Task directions: Give back exactly the stretch of data below from the line holding "Proof. by move=> lt_ck lt_dk;" through the line holding "move=> lt_cd lt_dk;", both ends included, and leave the remaining lines out.
[[ Stored data, beginning ]]
Lemma uniq_leaves c : c < k -> uniq (leaves c).
Proof.
move=> lt_ck; rewrite map_inj_in_uniq ?iota_uniq // => i j.
by rewrite !mem_iota /= => lt_i lt_j; apply: leaf_inj.
Qed.

Lemma half_mod_tour t : (t %% tour)./2 < n - 2.
Proof.
have : t %% tour < tour by rewrite ltn_mod tour_gt0.
by rewrite {2}/tour; lia.
Qed.

Lemma odd_mod_tour t : odd (t %% tour) = odd t.
Proof. by rewrite odd_mod // /tour oddM. Qed.

Lemma route_routes c : c < k -> route routes c = carrier_route c.
Proof. by move=> lt_ck; rewrite /route nth_mkseq. Qed.

Lemma period_routes c : c < k -> period routes c = tour.
Proof. by move=> lt_ck; rewrite /period route_routes // size_star size_mkseq. Qed.

Lemma pos_routes c t : c < k ->
  pos routes c t = if odd t then leaf c (t %% tour)./2 else hub c.
Proof.
move=> lt_ck; have lt_t : t %% tour < 2 * size (leaves c).
  by rewrite size_mkseq ltn_mod tour_gt0.
rewrite /pos period_routes // route_routes // nth_star // odd_mod_tour.
by case: ifP => // _; rewrite nth_mkseq // half_mod_tour.
Qed.

Lemma hub_inj c d : c < k -> d < k -> hub c = hub d -> c = d.
Proof. by move=> lt_ck lt_dk; rewrite /hub; do 2 case: eqP => ?; lia. Qed.

Lemma pos_meet c d t : c < d -> d < k -> pos routes c t = pos routes d t ->
  d = c.+1 /\ t %% tour = meet_time c.
Proof.
move=> lt_cd lt_dk; have lt_ck := ltn_trans lt_cd lt_dk.
rewrite !pos_routes //; case: ifP => [odd_t | _ /(hub_inj lt_ck lt_dk)]; last by lia.
move=> /(leaf_meet lt_cd lt_dk (half_mod_tour t)) [-> eq_j]; split=> //.
by move: odd_t; rewrite -odd_mod_tour /meet_time -eq_j; lia.
Qed.

Lemma pos_meet_time c t : c.+1 < k -> t %% tour = meet_time c ->
  pos routes c t = pos routes c.+1 t.
Proof.
move=> lt_c1k t_mod; rewrite !pos_routes ?(ltnW lt_c1k) // -odd_mod_tour t_mod.
have odd_mt : odd (meet_time c) by rewrite /meet_time; lia.
have half_mt : (meet_time c)./2 = n - 3 - c by rewrite /meet_time; lia.
by rewrite odd_mt half_mt leaf_meet_next.
Qed.
Lemma pos_target c t : c < k -> pos routes c t = n.-1 -> c = k.-1 /\ ~~ odd t.
Proof.
move=> lt_ck; rewrite pos_routes //; case: ifP => [_ eq_leaf | /negbT even_t].
  by have := leaf_lt lt_ck (half_mod_tour t); rewrite eq_leaf ltnn.
by rewrite /hub; case: eqP => // _; lia.
Qed.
[[ Stored data, end ]]
Response for this exercise:
Proof. by move=> lt_ck lt_dk; rewrite /hub; do 2 case: eqP => ?; lia. Qed.

Lemma pos_meet c d t : c < d -> d < k -> pos routes c t = pos routes d t ->
  d = c.+1 /\ t %% tour = meet_time c.
Proof.
move=> lt_cd lt_dk; have lt_ck := ltn_trans lt_cd lt_dk.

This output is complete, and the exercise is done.